Taylor met Spark thus in 1990 to interview her in his capacity as a journalist. But from then on, until her death in 2006, Taylor was friends with Spark and her friend Penelope Jardine (and it doesn’t seem all that likely that ‘friend’ was a euphemism for something else). Appointment in Arezzo is an account of that friendship and his visits to their beautiful Italian home, as well as a sort of patchwork biography of other parts of her life. It isn’t an out-and-out biography, but he address parts of her life in organic tangents – her shortlived married, her estrangement from her son, the difficulties she experienced with an ex-friend who became the model for the ‘pisser of copy’ in A Far Cry From Kensington, and more. In fact, her relationship with her estranged son gets extensive covering, including lengthy quotes from letters. If anything dominates, it is this.

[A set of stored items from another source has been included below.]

(* A 1-point module over A_4 with basis m_0, m_1, ... and
   m_n x_j = xi n j m_{n+1}.  It is an A_4-module iff the generators of the
   defining ideal annihilate every m_n:
     m_n (x_a x_b - q_ab x_b x_a) = (xi_{n,a} xi_{n+1,b} - q_ab xi_{n,b} xi_{n+1,a}) m_{n+2} = 0,
     m_n (sum_k x_k^4) = (sum_k xi_{n,k} xi_{n+1,k} xi_{n+2,k} xi_{n+3,k}) m_{n+4} = 0;
   it is cyclic generated by m_0 iff every xi n is nonzero (a point of P^3). *)
Definition point_module_seq (C : numClosedFieldType) (q : 'I_4 -> 'I_4 -> C)
    (xi : nat -> 'I_4 -> C) : Prop :=
  [/\ forall n, nonzero4 (xi n),
      forall n a b, xi n a * xi n.+1 b = q a b * (xi n b * xi n.+1 a)
    & forall n, \sum_(k < 4) xi n k * xi n.+1 k * xi n.+2 k * xi n.+3 k = 0].

Definition pm_iso (C : numClosedFieldType) (xi eta : nat -> 'I_4 -> C) : Prop :=
  forall n, proj_eq (xi n) (eta n).

(* Hilb^1(A_4) is (via the truncation xi |-> xi_0) a smooth quartic surface
   in P^3 (= a quartic K3 surface): xi_0 determines the point module up to
   isomorphism, and the set of first points xi_0 is the zero locus in P^3 of
   a nonzero quartic form F whose gradient does not vanish on it. *)
Definition hilb1_is_quartic_K3 (C : numClosedFieldType) (q : 'I_4 -> 'I_4 -> C) : Prop :=
  exists F : {mpoly C[4]},
    [/\ F != 0, F \is 4.-homog,
        (forall v : 'I_4 -> C, nonzero4 v -> F.@[v] = 0 ->
            exists i, (mderiv i F).@[v] != 0),
        (forall xi eta, point_module_seq q xi -> point_module_seq q eta ->
            proj_eq (xi 0%N) (eta 0%N) -> pm_iso xi eta)
      & (forall v : 'I_4 -> C, nonzero4 v ->
            (F.@[v] = 0 <-> exists xi, point_module_seq q xi /\ xi 0%N = v))].

Definition hilb1_is_24_points (C : numClosedFieldType) (q : 'I_4 -> 'I_4 -> C) : Prop :=
  exists P : 'I_24 -> nat -> 'I_4 -> C,
    [/\ forall k, point_module_seq q (P k),
        forall k l, pm_iso (P k) (P l) -> k = l
      & forall xi, point_module_seq q xi -> exists k, pm_iso xi (P k)].

From HB Require Import structures.
From mathcomp Require Import all_boot all_order all_algebra.
From mathcomp Require Import mpoly ring zify.
From Stdlib Require Import FunctionalExtensionality.
Import Order.TTheory GRing.Theory Num.Theory.
Local Open Scope ring_scope.

(* Let [v = xi_0] be the first point of a point module and [a] a coordinate
   with [v_a <> 0]. The relations force [xi_n = (q_ak^n v_k)_k] up to scalars,
   so [v] determines the module, and the quartic relation becomes
   [sum_k q_ak^2 v_k^4 = 0]; comparing two support coordinates shows that [q]
   satisfies [q_ab q_bc = q_ac] on the support of [v]. If [q] satisfies this
   everywhere, Hilb^1 is the smooth quartic [sum_k q_0k^2 v_k^4 = 0].
   Otherwise the support has at most two points, because the column-product
   condition lets the relation on a support of size 3 propagate to the
   fourth index; the quartic rules out a single point, and for a support
   [{a, b}] the ratio [v_a / v_b] is one of the four fourth roots of
   [-q_ab^2]: 6 * 4 = 24 points. *)

Lemma exprS_eq1_neq0 {R : nzRingType} {x : R} {n} : x ^+ n.+1 = 1 -> x != 0.
Proof. by apply: contra_eqN => /eqP->; rewrite expr0n eq_sym oner_eq0. Qed.

Lemma prim4_rootCi (C : numClosedFieldType) : 4.-primitive_root ('i : C).
Proof.
have i4 : ('i : C) ^+ 4 = 1 by rewrite (exprM _ 2 2) sqrCi sqrrN expr1n.
have [m prim_m m_dvd4] := prim_order_exists (isT : (0 < 4)%N) i4.
have m_ndvd2 : ~~ (m %| 2)%N by rewrite (prim_order_dvd prim_m) sqrCi eqNr oner_eq0.
have m_le4 := dvdn_leq (isT : (0 < 4)%N) m_dvd4.
by move: m prim_m m_dvd4 m_ndvd2 m_le4 => [|[|[|[|[|]]]]].
Qed.

Lemma eq_expr4 (C : numClosedFieldType) (t r : C) : r != 0 -> t ^+ 4 = r ^+ 4 ->
  exists m : 'I_4, t = r * 'i ^+ m.
Proof.
move=> r_neq0 tr; have /(prim_rootP (prim4_rootCi C)) [m tm] : (t / r) ^+ 4 = 1.
  by rewrite exprMn tr exprVn mulfV // expf_neq0.
by exists m; rewrite -tm mulrC divfK.
Qed.

Lemma expCi_inj (C : numClosedFieldType) (m m' : 'I_4) : ('i : C) ^+ m = 'i ^+ m' -> m = m'.
Proof.
move/eqP; rewrite (eq_prim_root_expr (prim4_rootCi C)) !modn_small //.
by move/eqP/val_inj.
Qed.

Definition supp {R : zmodType} {n} (v : 'I_n -> R) : {set 'I_n} := [set j | v j != 0].

Lemma in_supp {R : zmodType} {n} (v : 'I_n -> R) j : (j \in supp v) = (v j != 0).
Proof. by rewrite inE. Qed.

Lemma supp_proj_eq {C : numClosedFieldType} (x y : 'I_4 -> C) :
  proj_eq x y -> supp x = supp y.
Proof.
by case=> c [c_neq0 yx]; apply/setP => j; rewrite !in_supp yx mulf_eq0 negb_or c_neq0.
Qed.

Lemma enum_set2 {T : finType} (x0 : T) {B : {set T}} : #|B| = 2 ->
  let a := nth x0 (enum B) 0 in let b := nth x0 (enum B) 1 in
  a != b /\ B = [set a; b].
Proof.
move=> B2; have := enum_uniq B; have := mem_enum B.
have : size (enum B) = 2 by rewrite -cardE.
case: (enum B) => [|a [|b []]] //= _ memB; rewrite andbT inE => ab.
by split=> //; apply/setP => j; rewrite -memB !inE.
Qed.

Lemma big_ord_supp2 {R : nmodType} {n} (f : 'I_n -> R) {a b} : a != b ->
  (forall k, k != a -> k != b -> f k = 0) -> \sum_(k < n) f k = f a + f b.
Proof.
move=> ab f0; rewrite (bigD1 a) // (bigD1 b) 1?eq_sym //= big1 ?addr0 // => k /andP[].
exact: f0.
Qed.

Definition pair4 := {B : {set 'I_4} | #|B| == 2%N}.

Definition pair_fst (B : pair4) : 'I_4 := nth ord0 (enum (val B)) 0.
Definition pair_snd (B : pair4) : 'I_4 := nth ord0 (enum (val B)) 1.

Lemma pair4P (B : pair4) : pair_fst B != pair_snd B /\ val B = [set pair_fst B; pair_snd B].
Proof. exact: (enum_set2 ord0 (eqP (valP B))). Qed.

Lemma card_pair4_ord : #|{: pair4 * 'I_4}| = 24%N.
Proof. by rewrite card_prod card_ord card_sig -cardsE card_draws card_ord. Qed.

Lemma mderiv_exprS (R : comRingType) n (i : 'I_n) (p : {mpoly R[n]}) k :
  mderiv i (p ^+ k.+1) = p ^+ k *+ k.+1 * mderiv i p.
Proof.
elim: k => [|k IHk]; first by rewrite expr1 expr0 mul1r.
by rewrite exprS mderivM IHk exprS mulrS; ring.
Qed.

Lemma mderivXU (R : nzRingType) n (i k : 'I_n) :
  mderiv i ('X_k : {mpoly R[n]}) = (k == i)%:R.
Proof.
rewrite mderivX mnm1E; case: eqVneq => [->|_]; last by rewrite scale0r.
have -> : (U_(i) - U_(i))%MM = 0%MM by apply/mnmP => j; rewrite mnmBE subnn mnm0E.
by rewrite mpolyX0 scale1r.
Qed.

Definition fermat_form {R : nzRingType} {n} (c : 'I_n -> R) : {mpoly R[n]} :=
  \sum_(k < n) c k *: 'X_k ^+ 4.

Section FermatForm.

Variables (R : numDomainType) (n : nat) (c : 'I_n -> R).

Lemma meval_fermat v : (fermat_form c).@[v] = \sum_(k < n) c k * v k ^+ 4.
Proof.
by rewrite raddf_sum; apply: eq_bigr => k _ /=; rewrite mevalZ rmorphXn /= mevalXU.
Qed.

Lemma fermat_form_homog : fermat_form c \is 4.-homog.
Proof.
apply: rpred_sum => k _; apply/dhomogZ/(dhomogMn 4 (_ : 'X_k \is 1.-homog)).
by rewrite dhomogX; apply/eqP; apply: mdeg1.
Qed.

Because of this loose structure, he is able to explore avenues in a casual way. It feels a bit like a long conversation with one of her friends, rather than anything more formal. We are as likely to hear about their reaction to a burglary as we are about Spark’s writing technique. A menu is described with the same interest as her publishing history. Curiously, Taylor is pretty poor at telling anecdotes about Spark for which he is present – one about her time in America becomes a string of ‘then this happened, then this happened’ – but much better at relaying stories that he has heard from her. Or telling his own stories, of seeing the beauties of Tuscany. Spark is often called a Scottish novelist, but she set more novels in Italy than in Scotland, and spent many years of her life there. Taylor sees how crucial that environment is to the novelist she was in this period.

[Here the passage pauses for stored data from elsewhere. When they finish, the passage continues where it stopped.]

Lemma card_inord_nth (mu : seq nat) (m : 'I_8) : size mu = 3 -> all (fun x => x < 8) mu ->
  #|[pred i : 'I_3 | inord (nth 0 mu i) == m]| = count_mem (m : nat) mu.
Proof.
move=> size_mu lt_mu.
rewrite -sum1_card -[in RHS](mkseq_nth 0 mu) size_mu -sum1_count.
rewrite /mkseq big_map -[iota 0 3]/(index_iota 0 3) big_mkord; apply: eq_bigl => i.
by rewrite !inE -(inj_eq val_inj) /= inordK //; apply: (allP lt_mu); rewrite mem_nth ?size_mu.
Qed.
End Tables.

Lemma sum_count_mem n (s : seq nat) : all (fun x => x < n)%N s ->
  (\sum_(m < n) count_mem (m : nat) s)%N = size s.
Proof.
elim: s => [|x s IHs] /=; first by rewrite big1.
case/andP=> lt_xn /IHs <-; rewrite big_split /= (bigD1 (Ordinal lt_xn)) //= eqxx.
rewrite big1 // => m; rewrite eq_sym -(inj_eq val_inj) /=.
by move/negbTE->.
Qed.

Lemma mxtr8_count (Z : 'M[nat]_8) mu : (forall m : 'I_8, Z m m = count_mem (m : nat) mu) ->
  all (fun m => m < 8)%N mu -> mxtr8 Z = size mu.
Proof. by move=> Z_mu lt_mu; rewrite /mxtr8 (eq_bigr _ (fun m _ => Z_mu m)) sum_count_mem. Qed.

Definition Vrat (V : seq (seq int)) (i j : nat) : rat := (nth 0%Z (nth [::] V i) j)%:~R.

Definition col_norm V (j : nat) : rat := sum_iota 3 (fun i => Vrat V i j ^+ 2).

I really enjoyed anything in Appointment in Arezzo that showed the personal relationship Taylor had with Swift, because I am always more interested in a subjective portrait of a novelist than some attempt to rise above subjectivity – but I also loved when we can see what Spark thinks about her own writing:

I wanted to know what she saw as her achievement, her legacy, “I have realised myself,” she replied. “I have expressed something I brought into the world with me. I have liberated the novel in many ways, shown how anything whatever can be narrated, any experience set down, including sheer damn cheek. I think I have opened doors and windows in the mind, and challenged fears – especially the most inhibiting fears about what a novel should be.

Neither Spark nor Taylor explain whether those fears are in the mind of author or reader – or both – but it is a typically Sparkian half-revelation. And I think, in fact, Appointment in Arezzo is a tribute to Spark’s influence over those who know her. If Taylor’s writing style is not like Spark’s, then perhaps only she could have inspired this curious memoir – unusual, resisting traditional structures, affectionate but also disconcerting – and, like Spark’s great novels, somehow coming together in all its curiousness to make something as satisfying as it is odd.